Stored data:
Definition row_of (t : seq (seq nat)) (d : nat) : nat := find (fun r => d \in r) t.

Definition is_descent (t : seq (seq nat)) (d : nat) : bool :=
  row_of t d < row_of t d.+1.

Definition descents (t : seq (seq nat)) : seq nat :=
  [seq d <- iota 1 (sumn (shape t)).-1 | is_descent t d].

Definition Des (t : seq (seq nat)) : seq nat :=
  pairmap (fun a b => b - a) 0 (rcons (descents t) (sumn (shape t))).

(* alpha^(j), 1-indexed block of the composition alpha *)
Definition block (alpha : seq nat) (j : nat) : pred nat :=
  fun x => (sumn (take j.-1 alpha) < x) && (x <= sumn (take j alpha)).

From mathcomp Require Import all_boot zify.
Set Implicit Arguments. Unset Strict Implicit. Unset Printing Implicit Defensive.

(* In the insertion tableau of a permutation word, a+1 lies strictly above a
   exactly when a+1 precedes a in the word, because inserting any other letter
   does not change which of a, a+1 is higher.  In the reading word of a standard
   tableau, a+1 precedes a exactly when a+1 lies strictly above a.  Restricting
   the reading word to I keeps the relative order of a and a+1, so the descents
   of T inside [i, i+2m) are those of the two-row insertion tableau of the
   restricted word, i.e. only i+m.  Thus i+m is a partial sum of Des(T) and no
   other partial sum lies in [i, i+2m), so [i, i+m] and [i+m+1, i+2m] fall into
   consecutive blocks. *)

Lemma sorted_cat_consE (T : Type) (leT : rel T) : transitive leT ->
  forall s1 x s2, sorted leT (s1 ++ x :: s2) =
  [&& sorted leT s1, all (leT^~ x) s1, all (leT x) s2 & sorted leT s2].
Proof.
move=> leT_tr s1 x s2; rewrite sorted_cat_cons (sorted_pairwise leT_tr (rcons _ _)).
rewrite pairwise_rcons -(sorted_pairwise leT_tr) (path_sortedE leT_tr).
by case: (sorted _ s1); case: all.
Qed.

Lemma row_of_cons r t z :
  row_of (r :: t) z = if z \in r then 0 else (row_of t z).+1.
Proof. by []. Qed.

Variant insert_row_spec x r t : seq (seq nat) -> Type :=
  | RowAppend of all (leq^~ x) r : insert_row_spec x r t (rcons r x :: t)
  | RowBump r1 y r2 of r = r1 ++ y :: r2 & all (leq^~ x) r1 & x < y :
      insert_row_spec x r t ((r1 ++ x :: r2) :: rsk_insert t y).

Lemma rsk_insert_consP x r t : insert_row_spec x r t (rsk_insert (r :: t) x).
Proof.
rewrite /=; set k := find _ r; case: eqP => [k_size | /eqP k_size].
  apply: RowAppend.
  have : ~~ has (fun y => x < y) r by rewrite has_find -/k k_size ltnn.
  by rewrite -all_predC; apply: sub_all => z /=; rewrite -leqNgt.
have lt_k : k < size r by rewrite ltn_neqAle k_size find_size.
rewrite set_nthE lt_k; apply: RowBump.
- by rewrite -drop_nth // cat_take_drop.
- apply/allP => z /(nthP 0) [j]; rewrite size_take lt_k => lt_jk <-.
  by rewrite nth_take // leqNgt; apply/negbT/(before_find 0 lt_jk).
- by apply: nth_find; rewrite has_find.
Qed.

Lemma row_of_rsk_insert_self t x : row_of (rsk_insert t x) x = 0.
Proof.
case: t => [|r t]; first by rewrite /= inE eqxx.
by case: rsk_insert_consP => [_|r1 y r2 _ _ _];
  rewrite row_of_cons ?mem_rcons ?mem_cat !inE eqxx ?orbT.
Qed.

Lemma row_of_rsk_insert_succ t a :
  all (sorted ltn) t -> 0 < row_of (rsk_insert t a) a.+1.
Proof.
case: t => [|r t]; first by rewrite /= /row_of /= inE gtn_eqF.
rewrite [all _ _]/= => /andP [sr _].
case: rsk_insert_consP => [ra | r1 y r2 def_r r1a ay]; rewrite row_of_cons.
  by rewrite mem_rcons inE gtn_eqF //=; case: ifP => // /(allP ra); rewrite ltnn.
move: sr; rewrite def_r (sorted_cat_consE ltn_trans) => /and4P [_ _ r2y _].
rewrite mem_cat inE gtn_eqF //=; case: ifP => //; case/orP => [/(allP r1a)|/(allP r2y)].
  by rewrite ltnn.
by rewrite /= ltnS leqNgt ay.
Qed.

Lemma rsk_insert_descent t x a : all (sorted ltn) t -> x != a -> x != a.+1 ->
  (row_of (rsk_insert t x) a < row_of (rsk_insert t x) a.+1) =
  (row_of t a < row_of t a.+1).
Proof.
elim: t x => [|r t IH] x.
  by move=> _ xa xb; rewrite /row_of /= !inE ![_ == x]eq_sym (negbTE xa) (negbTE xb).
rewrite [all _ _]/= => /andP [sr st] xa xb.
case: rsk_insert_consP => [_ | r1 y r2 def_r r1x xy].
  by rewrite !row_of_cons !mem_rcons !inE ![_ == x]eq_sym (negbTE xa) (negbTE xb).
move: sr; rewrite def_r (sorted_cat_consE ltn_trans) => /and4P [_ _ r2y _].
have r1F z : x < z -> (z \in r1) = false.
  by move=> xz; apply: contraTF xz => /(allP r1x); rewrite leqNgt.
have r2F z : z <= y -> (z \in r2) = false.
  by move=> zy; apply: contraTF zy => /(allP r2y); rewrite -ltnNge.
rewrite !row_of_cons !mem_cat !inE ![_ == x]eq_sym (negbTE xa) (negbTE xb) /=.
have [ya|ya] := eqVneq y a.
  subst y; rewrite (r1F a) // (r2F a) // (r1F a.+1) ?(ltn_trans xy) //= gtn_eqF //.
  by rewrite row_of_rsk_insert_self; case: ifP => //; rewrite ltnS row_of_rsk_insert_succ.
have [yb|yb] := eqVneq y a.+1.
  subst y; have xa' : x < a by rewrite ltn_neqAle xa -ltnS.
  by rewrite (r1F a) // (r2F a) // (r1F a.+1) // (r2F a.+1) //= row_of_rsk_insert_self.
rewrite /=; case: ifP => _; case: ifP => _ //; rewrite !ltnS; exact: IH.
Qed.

* * *

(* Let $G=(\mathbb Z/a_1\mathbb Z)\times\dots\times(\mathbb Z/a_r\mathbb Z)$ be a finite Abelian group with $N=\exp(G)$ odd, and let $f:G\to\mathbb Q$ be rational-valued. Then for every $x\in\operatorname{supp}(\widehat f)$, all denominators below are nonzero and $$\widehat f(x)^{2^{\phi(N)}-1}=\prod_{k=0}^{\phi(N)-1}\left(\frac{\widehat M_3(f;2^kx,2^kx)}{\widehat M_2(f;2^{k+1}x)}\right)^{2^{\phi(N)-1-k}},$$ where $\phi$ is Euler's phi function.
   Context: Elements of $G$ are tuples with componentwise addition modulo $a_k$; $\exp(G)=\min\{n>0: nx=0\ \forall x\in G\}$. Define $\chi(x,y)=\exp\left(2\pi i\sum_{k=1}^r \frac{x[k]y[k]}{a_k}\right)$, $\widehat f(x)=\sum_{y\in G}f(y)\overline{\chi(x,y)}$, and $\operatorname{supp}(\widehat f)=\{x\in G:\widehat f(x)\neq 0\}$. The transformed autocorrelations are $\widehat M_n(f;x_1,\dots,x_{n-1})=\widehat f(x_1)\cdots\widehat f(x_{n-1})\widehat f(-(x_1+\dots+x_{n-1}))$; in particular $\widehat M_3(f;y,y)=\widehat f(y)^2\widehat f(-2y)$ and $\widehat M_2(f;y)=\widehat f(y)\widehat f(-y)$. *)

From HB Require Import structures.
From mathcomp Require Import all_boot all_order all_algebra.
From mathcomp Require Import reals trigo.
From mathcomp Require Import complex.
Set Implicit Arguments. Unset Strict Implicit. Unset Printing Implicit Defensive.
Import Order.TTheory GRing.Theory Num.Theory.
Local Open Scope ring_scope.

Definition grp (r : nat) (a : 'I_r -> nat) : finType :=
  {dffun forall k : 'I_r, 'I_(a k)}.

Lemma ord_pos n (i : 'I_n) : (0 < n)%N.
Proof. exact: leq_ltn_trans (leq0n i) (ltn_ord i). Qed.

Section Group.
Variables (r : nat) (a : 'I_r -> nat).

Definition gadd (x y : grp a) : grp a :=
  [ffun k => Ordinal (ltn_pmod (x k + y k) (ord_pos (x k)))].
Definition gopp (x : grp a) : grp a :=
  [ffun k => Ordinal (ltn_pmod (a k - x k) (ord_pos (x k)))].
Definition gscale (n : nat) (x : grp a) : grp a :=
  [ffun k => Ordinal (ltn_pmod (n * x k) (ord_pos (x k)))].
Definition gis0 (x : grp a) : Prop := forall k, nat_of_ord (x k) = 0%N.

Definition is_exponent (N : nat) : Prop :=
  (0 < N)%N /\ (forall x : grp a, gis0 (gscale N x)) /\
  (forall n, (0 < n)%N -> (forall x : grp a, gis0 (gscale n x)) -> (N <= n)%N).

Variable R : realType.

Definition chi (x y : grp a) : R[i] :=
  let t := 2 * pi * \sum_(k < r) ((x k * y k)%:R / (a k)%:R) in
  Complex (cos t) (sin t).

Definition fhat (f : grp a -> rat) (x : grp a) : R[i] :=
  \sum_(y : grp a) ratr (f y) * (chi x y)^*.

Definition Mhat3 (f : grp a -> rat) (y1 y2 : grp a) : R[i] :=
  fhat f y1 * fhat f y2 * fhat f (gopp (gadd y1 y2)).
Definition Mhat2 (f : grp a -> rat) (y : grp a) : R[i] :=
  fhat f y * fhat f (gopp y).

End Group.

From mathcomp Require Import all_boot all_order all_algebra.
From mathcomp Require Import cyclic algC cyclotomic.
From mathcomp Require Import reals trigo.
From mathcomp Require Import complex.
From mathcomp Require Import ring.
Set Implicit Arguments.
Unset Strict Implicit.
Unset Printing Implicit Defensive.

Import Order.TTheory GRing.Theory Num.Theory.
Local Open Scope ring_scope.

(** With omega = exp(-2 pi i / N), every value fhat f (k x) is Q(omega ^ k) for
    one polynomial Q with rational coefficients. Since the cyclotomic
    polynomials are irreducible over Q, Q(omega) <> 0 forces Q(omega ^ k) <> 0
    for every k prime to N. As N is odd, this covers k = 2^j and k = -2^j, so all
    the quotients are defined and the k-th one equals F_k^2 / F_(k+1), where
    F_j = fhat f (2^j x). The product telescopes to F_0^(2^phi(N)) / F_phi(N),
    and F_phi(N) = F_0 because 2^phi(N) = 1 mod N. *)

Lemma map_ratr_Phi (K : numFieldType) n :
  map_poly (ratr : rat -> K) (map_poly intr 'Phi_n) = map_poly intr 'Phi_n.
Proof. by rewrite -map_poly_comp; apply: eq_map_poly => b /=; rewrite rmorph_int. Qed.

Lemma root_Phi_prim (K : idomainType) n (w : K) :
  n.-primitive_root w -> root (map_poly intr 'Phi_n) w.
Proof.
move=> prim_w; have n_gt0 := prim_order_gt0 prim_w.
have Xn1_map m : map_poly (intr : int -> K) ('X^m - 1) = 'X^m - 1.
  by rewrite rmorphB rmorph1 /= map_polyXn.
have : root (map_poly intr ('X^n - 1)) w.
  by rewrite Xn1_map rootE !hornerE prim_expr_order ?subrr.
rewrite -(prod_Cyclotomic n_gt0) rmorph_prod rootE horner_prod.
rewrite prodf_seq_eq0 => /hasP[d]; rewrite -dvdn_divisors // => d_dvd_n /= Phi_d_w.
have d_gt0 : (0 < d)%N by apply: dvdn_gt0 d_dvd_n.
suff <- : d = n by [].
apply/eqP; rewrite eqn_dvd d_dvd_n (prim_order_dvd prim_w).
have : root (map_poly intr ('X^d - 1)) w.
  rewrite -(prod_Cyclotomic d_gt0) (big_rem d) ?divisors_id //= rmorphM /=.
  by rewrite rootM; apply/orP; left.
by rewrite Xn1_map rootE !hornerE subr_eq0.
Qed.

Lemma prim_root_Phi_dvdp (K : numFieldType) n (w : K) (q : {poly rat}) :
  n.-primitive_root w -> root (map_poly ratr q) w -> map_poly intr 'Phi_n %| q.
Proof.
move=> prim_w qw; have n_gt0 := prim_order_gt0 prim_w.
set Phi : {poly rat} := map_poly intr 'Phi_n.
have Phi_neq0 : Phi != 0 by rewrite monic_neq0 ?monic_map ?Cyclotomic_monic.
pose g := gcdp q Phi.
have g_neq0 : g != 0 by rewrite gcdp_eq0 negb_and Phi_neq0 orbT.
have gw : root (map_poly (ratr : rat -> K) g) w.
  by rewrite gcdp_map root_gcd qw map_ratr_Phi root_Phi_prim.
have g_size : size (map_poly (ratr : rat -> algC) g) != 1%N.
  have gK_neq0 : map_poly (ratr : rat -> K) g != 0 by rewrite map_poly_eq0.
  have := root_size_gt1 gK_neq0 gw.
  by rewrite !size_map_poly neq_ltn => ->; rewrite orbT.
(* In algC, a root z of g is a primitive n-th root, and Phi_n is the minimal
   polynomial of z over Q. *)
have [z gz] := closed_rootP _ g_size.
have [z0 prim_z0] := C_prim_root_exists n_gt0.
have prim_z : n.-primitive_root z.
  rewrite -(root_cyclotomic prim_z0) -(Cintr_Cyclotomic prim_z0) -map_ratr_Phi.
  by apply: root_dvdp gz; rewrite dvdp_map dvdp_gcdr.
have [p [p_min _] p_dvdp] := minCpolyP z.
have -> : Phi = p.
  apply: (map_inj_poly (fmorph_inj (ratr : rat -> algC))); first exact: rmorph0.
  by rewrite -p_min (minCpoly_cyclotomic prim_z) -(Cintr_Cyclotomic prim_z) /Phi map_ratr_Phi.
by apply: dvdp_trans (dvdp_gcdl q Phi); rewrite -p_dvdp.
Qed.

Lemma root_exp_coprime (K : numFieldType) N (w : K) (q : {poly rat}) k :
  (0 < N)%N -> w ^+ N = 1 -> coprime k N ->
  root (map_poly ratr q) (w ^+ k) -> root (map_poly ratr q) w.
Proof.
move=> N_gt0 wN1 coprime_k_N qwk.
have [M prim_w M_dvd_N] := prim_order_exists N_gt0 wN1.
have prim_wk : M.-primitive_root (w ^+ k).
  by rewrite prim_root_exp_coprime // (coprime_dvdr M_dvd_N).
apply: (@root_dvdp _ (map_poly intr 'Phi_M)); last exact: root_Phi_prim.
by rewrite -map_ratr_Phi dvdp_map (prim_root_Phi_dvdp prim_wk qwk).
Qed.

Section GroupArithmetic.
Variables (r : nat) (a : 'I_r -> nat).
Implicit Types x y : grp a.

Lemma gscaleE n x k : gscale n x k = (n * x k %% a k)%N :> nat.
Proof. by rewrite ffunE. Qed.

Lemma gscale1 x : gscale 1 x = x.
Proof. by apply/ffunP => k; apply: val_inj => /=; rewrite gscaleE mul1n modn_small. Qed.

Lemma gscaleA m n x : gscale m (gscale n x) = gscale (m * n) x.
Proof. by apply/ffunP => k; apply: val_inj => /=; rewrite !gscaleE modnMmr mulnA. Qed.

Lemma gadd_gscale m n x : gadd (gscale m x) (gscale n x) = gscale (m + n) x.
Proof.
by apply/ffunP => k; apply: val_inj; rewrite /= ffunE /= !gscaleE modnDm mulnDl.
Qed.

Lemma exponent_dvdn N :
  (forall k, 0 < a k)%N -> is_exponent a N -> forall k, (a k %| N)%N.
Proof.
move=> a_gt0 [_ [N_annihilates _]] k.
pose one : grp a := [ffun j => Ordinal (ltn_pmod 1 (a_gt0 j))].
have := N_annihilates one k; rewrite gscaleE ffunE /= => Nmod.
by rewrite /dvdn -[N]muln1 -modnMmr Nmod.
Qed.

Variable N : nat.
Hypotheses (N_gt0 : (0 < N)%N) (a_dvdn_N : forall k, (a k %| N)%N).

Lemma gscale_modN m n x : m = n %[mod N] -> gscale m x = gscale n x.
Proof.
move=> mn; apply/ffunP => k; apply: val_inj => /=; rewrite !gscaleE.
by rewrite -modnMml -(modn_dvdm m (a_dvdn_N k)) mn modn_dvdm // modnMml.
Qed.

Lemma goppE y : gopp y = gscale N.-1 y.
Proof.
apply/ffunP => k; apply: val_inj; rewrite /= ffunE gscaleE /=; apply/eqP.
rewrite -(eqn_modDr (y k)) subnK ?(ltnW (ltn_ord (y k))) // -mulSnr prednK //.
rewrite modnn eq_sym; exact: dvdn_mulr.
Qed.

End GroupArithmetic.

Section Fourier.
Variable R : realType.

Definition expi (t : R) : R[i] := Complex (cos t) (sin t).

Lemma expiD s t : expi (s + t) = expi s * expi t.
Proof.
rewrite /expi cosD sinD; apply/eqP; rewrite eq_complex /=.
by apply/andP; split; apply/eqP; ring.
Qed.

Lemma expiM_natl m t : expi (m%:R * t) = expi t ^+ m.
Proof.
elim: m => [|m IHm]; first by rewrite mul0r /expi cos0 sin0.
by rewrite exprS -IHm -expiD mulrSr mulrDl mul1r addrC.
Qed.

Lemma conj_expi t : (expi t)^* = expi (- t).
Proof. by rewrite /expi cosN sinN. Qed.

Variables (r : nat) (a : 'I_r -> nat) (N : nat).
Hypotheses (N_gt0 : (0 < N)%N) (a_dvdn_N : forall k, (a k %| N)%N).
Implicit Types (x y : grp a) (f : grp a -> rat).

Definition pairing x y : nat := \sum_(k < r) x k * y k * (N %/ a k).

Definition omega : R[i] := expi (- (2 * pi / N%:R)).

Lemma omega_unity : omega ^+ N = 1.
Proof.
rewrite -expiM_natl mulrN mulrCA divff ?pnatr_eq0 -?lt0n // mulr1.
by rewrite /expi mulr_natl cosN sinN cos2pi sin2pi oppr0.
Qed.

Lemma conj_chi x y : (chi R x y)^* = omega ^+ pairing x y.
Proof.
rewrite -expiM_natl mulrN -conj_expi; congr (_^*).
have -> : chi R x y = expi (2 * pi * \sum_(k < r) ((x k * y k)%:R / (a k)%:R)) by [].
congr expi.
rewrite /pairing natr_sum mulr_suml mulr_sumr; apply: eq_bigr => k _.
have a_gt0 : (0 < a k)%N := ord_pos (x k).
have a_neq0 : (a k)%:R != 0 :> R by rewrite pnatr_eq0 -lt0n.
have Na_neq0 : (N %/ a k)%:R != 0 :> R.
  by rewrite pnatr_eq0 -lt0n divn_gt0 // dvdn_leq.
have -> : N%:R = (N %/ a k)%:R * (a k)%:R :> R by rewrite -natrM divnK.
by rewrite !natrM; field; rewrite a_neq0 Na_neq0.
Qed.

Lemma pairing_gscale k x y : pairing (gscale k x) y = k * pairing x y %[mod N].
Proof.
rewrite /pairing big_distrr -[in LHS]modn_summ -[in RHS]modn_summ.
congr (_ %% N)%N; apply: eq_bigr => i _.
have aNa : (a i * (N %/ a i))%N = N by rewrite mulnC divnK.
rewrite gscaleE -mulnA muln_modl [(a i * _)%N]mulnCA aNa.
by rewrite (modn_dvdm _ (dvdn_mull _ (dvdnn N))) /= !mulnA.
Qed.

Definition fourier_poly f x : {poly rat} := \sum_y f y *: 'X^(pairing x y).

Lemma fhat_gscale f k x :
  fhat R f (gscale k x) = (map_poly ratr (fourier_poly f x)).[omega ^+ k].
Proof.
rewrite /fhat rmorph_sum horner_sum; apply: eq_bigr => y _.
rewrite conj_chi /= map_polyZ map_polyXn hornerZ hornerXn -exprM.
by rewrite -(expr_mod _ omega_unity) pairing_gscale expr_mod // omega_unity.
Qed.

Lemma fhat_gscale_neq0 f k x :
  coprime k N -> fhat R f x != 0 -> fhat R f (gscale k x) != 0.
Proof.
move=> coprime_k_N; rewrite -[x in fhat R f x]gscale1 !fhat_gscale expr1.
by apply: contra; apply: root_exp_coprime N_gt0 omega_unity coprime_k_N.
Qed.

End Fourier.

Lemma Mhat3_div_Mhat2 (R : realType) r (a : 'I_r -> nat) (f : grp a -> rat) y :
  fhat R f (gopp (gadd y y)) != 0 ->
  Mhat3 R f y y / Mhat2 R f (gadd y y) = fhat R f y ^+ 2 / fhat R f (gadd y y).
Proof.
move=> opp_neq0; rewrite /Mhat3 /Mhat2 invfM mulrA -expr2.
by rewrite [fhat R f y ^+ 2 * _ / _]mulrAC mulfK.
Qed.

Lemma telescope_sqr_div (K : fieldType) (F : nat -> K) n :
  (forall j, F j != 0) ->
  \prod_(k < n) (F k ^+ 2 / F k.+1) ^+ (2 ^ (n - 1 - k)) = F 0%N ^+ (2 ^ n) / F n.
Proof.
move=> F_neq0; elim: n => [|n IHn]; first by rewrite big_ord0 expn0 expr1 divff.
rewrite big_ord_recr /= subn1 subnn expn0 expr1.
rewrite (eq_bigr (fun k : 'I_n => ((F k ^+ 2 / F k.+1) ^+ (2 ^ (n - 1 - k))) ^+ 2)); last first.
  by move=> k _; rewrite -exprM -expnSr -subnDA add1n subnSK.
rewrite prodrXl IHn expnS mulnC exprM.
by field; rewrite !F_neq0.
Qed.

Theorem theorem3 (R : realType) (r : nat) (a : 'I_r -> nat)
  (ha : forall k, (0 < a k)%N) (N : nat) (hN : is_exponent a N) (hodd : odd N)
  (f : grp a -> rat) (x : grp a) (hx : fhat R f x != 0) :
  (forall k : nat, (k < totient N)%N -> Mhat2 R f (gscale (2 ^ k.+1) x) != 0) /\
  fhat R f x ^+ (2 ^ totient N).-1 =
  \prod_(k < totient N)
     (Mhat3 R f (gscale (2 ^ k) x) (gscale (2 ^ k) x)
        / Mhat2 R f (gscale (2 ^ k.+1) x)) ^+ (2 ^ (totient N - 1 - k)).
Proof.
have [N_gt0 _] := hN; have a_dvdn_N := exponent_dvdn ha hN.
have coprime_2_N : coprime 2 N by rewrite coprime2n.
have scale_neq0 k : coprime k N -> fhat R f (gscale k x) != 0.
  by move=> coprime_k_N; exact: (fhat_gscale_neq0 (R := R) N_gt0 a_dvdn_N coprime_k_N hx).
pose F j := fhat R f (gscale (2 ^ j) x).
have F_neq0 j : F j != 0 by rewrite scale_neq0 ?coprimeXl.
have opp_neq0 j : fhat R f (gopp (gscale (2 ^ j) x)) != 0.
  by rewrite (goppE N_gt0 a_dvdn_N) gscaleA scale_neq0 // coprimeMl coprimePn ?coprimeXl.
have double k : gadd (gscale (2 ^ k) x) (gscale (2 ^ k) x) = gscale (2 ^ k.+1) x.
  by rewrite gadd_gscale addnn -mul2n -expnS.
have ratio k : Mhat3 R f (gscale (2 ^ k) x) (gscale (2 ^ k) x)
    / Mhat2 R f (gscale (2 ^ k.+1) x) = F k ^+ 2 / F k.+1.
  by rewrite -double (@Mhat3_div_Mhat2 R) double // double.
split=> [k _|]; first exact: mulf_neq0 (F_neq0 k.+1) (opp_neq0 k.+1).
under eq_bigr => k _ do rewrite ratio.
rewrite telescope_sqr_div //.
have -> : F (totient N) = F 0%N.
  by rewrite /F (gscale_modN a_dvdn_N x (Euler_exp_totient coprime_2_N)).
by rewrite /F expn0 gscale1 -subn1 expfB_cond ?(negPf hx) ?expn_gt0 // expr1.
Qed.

About this exercise: Your task is to retype the entries verbatim, starting with the line that holds "have : root (map_poly intr ('X^d - 1)) w." and stopping after the line that holds "have g_neq0 : g".

Exercise solution:
have : root (map_poly intr ('X^d - 1)) w.
  rewrite -(prod_Cyclotomic d_gt0) (big_rem d) ?divisors_id //= rmorphM /=.
  by rewrite rootM; apply/orP; left.
by rewrite Xn1_map rootE !hornerE subr_eq0.
Qed.

Lemma prim_root_Phi_dvdp (K : numFieldType) n (w : K) (q : {poly rat}) :
  n.-primitive_root w -> root (map_poly ratr q) w -> map_poly intr 'Phi_n %| q.
Proof.
move=> prim_w qw; have n_gt0 := prim_order_gt0 prim_w.
set Phi : {poly rat} := map_poly intr 'Phi_n.
have Phi_neq0 : Phi != 0 by rewrite monic_neq0 ?monic_map ?Cyclotomic_monic.
pose g := gcdp q Phi.
have g_neq0 : g != 0 by rewrite gcdp_eq0 negb_and Phi_neq0 orbT.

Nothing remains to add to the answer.